TASK GOAL:
Look through the data below and, wherever a line carries the word "last", please copy that line.

(Collected data entries)

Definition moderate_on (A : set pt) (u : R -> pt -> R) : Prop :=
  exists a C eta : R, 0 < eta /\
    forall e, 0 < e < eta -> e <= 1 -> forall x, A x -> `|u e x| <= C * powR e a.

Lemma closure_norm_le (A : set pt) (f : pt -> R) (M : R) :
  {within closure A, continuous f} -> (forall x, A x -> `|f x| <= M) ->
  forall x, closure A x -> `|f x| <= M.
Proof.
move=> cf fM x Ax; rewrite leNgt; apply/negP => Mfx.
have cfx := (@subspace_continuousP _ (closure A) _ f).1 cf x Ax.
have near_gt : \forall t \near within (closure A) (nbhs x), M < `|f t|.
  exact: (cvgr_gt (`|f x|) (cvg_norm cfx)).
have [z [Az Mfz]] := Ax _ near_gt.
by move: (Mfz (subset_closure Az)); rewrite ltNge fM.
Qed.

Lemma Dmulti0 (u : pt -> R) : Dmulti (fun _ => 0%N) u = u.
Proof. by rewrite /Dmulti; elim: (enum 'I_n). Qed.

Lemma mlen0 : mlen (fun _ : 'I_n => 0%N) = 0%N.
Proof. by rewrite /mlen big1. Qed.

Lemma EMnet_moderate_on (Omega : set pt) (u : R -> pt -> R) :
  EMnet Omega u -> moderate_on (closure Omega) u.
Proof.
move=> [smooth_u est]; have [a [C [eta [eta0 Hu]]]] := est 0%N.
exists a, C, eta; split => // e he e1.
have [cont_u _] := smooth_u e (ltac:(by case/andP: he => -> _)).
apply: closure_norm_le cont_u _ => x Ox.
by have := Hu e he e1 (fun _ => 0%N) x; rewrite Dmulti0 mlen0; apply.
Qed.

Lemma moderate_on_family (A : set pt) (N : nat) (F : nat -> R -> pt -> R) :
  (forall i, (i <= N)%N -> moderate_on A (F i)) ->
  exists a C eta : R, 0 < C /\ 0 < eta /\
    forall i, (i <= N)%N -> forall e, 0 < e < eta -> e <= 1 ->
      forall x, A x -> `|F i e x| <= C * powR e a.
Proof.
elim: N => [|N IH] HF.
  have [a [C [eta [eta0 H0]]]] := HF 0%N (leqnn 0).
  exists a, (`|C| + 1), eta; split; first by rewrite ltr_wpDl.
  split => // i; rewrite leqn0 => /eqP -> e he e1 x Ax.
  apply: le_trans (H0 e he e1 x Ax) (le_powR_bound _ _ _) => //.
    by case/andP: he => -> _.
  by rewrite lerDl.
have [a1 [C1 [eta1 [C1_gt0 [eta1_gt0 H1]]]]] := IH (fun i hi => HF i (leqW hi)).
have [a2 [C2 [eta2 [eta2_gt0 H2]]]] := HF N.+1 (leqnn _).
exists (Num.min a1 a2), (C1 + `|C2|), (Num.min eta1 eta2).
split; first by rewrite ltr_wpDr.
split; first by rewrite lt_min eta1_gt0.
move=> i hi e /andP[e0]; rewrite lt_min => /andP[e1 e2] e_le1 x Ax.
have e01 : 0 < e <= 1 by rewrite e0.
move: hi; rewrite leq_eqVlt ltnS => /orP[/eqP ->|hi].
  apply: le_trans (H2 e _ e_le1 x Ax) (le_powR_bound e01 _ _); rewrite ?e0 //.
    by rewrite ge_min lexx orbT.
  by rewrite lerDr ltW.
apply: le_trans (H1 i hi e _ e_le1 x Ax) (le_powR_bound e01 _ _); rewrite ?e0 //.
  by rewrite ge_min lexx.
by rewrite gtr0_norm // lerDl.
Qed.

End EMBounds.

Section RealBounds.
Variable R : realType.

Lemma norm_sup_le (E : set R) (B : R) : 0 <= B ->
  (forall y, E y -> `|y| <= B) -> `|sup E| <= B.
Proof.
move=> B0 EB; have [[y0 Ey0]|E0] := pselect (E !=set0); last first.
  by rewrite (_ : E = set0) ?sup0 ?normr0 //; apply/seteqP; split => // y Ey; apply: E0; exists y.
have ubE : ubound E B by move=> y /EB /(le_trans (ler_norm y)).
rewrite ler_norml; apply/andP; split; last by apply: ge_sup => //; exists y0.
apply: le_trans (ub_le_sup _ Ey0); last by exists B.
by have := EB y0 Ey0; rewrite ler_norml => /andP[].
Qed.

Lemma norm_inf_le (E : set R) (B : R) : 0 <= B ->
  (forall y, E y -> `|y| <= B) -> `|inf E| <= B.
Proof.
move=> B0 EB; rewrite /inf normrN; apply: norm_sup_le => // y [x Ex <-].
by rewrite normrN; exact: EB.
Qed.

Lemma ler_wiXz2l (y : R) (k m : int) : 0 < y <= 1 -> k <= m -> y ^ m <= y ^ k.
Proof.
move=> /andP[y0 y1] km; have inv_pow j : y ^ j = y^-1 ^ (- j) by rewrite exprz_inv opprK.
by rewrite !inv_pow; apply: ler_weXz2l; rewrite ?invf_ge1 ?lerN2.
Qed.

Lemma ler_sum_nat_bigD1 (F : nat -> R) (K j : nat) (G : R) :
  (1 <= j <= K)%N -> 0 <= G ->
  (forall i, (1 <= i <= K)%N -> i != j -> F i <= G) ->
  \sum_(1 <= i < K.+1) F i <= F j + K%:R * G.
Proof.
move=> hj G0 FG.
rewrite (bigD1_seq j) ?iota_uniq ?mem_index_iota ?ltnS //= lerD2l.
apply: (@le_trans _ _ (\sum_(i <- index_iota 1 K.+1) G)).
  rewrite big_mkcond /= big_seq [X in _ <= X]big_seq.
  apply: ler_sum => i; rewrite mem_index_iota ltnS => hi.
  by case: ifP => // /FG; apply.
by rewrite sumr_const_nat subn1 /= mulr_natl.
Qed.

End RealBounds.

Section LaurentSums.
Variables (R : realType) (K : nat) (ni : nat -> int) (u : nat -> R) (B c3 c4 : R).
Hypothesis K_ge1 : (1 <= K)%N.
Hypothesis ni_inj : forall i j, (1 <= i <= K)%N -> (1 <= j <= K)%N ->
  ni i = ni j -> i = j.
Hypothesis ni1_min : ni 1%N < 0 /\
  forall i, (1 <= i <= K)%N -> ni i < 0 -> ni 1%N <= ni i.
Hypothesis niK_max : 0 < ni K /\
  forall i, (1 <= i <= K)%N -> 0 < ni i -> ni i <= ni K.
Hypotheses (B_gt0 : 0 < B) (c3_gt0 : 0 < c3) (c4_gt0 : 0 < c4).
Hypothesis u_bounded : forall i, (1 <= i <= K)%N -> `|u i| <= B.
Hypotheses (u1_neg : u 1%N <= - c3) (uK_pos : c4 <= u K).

SOLUTION TO THE PROBLEM:
move=> B0 EB; have [[y0 Ey0]|E0] := pselect (E !=set0); last first.
rewrite ler_norml; apply/andP; split; last by apply: ge_sup => //; exists y0.
apply: le_trans (ub_le_sup _ Ey0); last by exists B.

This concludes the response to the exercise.